# New to board..have a question.



## Omega SE20 (Jan 16, 2005)

hello there. i just became a new 01 sentra owner about 2 days ago after sadly crashing and totalled my 86 Lincoln Mark 7. i just purchsed my 01 SE and im really happy with my choice. now my question for right now is i need help on how do i replace the bulbs in my fog lights? i know there H3 bulbs and i have xenon replacement ones i want to put in...if i could get abit of help on this. that would be awesome.

Thanks

-Dave


----------



## rselah25 (Sep 7, 2004)

well ive never done this, but i have looked up under...look up under your front bumper, and youll see the outer wall of the fog light bulbs. You will most likely have to twist that thingy counterclock wise then pull out.

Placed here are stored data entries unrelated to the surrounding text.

Lemma covering_half_planes_dist (L1 L2 : pt2 -> Prop) k1 k2 (H1 H2 : pt3 -> Prop) d :
  same_set L1 (level_line a b k1) -> same_set L2 (level_line a b k2) -> k1 <> k2 ->
  is_half_plane H1 -> is_half_plane H2 ->
  same_set (generated L1 L2) (fun q => H1 q \/ H2 q) ->
  is_set_dist dist3 H1 H2 d -> d = Rabs (k1 - k2).
Proof.
  intros h1 h2 hk hH1 hH2 hU hd.
  assert (hS : forall q, H1 q \/ H2 q <->
            level_line a b ((k1 + k2) / 2) (fst q) /\ Rabs (k1 - k2) / 2 <= Rabs (snd q))
    by (intros q; rewrite <- (generated_level_lines_iff L1 L2 k1 k2 h1 h2); symmetry; apply hU).
  set (c := Rabs (k1 - k2) / 2) in *.
  assert (hc : 0 < c) by (unfold c; pose proof (Rabs_pos_lt _ (Rminus_eq_contra _ _ hk)); lra).
  set (p := ((k1 + k2) / 2 * a, (k1 + k2) / 2 * b)).
  assert (hpc : H1 (p, c) \/ H2 (p, c))
    by (apply hS; split; [apply level_line_foot | cbn; rewrite Rabs_pos_eq; lra]).
  assert (hpc' : H1 (p, - c) \/ H2 (p, - c))
    by (apply hS; split; [apply level_line_foot | cbn; rewrite Rabs_Ropp, Rabs_pos_eq; lra]).
  replace (Rabs (k1 - k2)) with (2 * c) by (unfold c; field).
  destruct (half_plane_one_side H1 c hH1 hc (fun q h => proj2 (proj1 (hS q) (or_introl h))))
    as [up1 | low1],
    (half_plane_one_side H2 c hH2 hc (fun q h => proj2 (proj1 (hS q) (or_intror h))))
    as [up2 | low2].
  - exfalso. destruct hpc' as [h | h]; [apply up1 in h | apply up2 in h]; cbn in h; lra.
  - apply (is_set_dist_unique dist3 H1 H2); [exact hd |].
    apply (set_dist_across_slab H1 H2 p); assumption.
  - apply (is_set_dist_unique dist3 H2 H1); [exact (is_set_dist_sym _ _ _ _ dist3_sym hd) |].
    apply (set_dist_across_slab H2 H1 p); tauto.
  - exfalso. destruct hpc as [h | h]; [apply low1 in h | apply low2 in h]; cbn in h; lra.
Qed.

Lemma generating_lines_around_projection (L1 L2 : pt2 -> Prop) k1 k2 :
  same_set L1 (level_line a b k1) -> same_set L2 (level_line a b k2) ->
  let P := proj_xy (generated L1 L2) in
  is_line P /\ parallel L1 P /\ parallel L2 P /\
  is_set_dist dist2 L1 P (Rabs (k1 - k2) / 2) /\ is_set_dist dist2 L2 P (Rabs (k1 - k2) / 2).
Proof.
  intros h1 h2 P. pose proof (proj_generated_level_lines L1 L2 k1 k2 h1 h2) as hP.
  pose proof (unit_normal_nonzero a b unit_ab) as hab.
  split; [exact (level_line_is_line P _ hP) |].
  split; [exact (level_lines_parallel L1 P a b _ _ hab h1 hP) |].
  split; [exact (level_lines_parallel L2 P a b _ _ hab h2 hP) |].
  assert (hd2 : Rabs (k2 - (k1 + k2) / 2) = Rabs (k1 - k2) / 2)
    by (rewrite Rplus_comm, Rabs_sub_midpoint, Rabs_minus_sym; reflexivity).
  split; [rewrite <- Rabs_sub_midpoint | rewrite <- hd2]; apply level_lines_set_dist; assumption.
Qed.

End UnitNormal.

Theorem corollary3p9 (L1 L2 : pt2 -> Prop) :
  is_line L1 -> is_line L2 -> ~ same_set L1 L2 ->
  planar (generated L1 L2) ->
  (* uniqueness of the (unordered) pair of generating lines *)
  (forall M1 M2 : pt2 -> Prop, generating_pair (generated L1 L2) M1 M2 ->
     (same_set M1 L1 /\ same_set M2 L2) \/ (same_set M1 L2 /\ same_set M2 L1)) /\
  (* S is the union of two half planes *)
  (exists H1 H2 : pt3 -> Prop, is_half_plane H1 /\ is_half_plane H2 /\
     same_set (generated L1 L2) (fun p => H1 p \/ H2 p)) /\
  (* for the two half planes comprising S, at distance d, the generating lines are
     parallel to the projection of S (a line) at distance d/2 from it *)
  (forall (H1 H2 : pt3 -> Prop) (d : R),
     is_half_plane H1 -> is_half_plane H2 ->
     same_set (generated L1 L2) (fun p => H1 p \/ H2 p) ->
     is_set_dist dist3 H1 H2 d ->
     is_line (proj_xy (generated L1 L2)) /\
     parallel L1 (proj_xy (generated L1 L2)) /\
     parallel L2 (proj_xy (generated L1 L2)) /\
     is_set_dist dist2 L1 (proj_xy (generated L1 L2)) (d / 2) /\
     is_set_dist dist2 L2 (proj_xy (generated L1 L2)) (d / 2)).
Proof.
  intros hL1 hL2 hL12 [A [B [C [E [hABC hplane]]]]].
  destruct (planar_generated_unit_normal L1 L2 A B C E hL1 hL2 hABC hplane)
    as [a [b [hab hlevels]]].
  destruct (hlevels L1 L2 hL1 hL2 hplane) as [k1 [k2 [h1 h2]]].
  assert (hk : k1 <> k2)
    by (intros <-; exact (hL12 (same_set_trans _ _ _ h1 (same_set_sym _ _ h2)))).
  split; [| split].
  - intros M1 M2 [hM1 [hM2 [_ hM]]].
    destruct (hlevels M1 M2 hM1 hM2 (fun x y z h => hplane x y z (proj1 (hM _) h)))
      as [j1 [j2 [g1 g2]]].
    destruct (generated_level_lines_inj a b hab L1 L2 M1 M2 k1 k2 j1 j2 h1 h2 g1 g2 hM)
      as [[-> ->] | [-> ->]]; [left | right];
      split; eauto using same_set_trans, same_set_sym.
  - exists (vertical_half_plane a b ((k1 + k2) / 2) 1 (Rabs (k1 - k2) / 2)),
           (vertical_half_plane a b ((k1 + k2) / 2) (-1) (Rabs (k1 - k2) / 2)).
    split; [| split]; [apply vertical_half_plane_is_half_plane; auto; lra ..
                      | exact (generated_level_lines_half_planes a b hab L1 L2 k1 k2 h1 h2)].
  - intros H1 H2 d hH1 hH2 hU hd.
    rewrite (covering_half_planes_dist a b hab L1 L2 k1 k2 H1 H2 d h1 h2 hk hH1 hH2 hU hd).
    exact (generating_lines_around_projection a b hab L1 L2 k1 k2 h1 h2).
Qed.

Then the bulb should be there for you to pluck out and place new one in.(also dont touch bulb with bare hands, where like rubber gloves or somethin, because if your oils on your hand get on the bulb, it will most likely mess up the bulb)....good luck!


----------



## Zac (Mar 10, 2004)

Omega SE20 said:


> hello there. i just became a new 01 sentra owner about 2 days ago after sadly crashing and totalled my 86 Lincoln Mark 7. i just purchsed my 01 SE and im really happy with my choice. now my question for right now is i need help on how do i replace the bulbs in my fog lights? i know there H3 bulbs and i have xenon replacement ones i want to put in...if i could get abit of help on this. that would be awesome.
> 
> Thanks
> 
> -Dave


Before you put these in, let me warn you if they are the cheap ricey bulbs that they can destroy your harnesses and they blow relatively quickly. The wattage should not be over what your owners manual reccomends (which IIRC is 55watts for heads, 35 for fogs); otherwise you might have a problem.


----------



## SpecVguy (Jan 7, 2005)

yeah I have an 02 Spec V and I replaced my Fog lights with yellowish ones...and 2 months later it messed up my sensor because the watts was too high on the fog light. So just some heads up


If I were you, i'll just get the plastic yellowish covers that they sell for our cars for your car


----------



## caveman (Dec 20, 2003)

You want to get bulbes that use the stock wattage and voltage. If you don't you can fry wires n stuff. It can get ugly.

Don't mess around with this, or it WILL cost you way more money and trouble then it is worth.


----------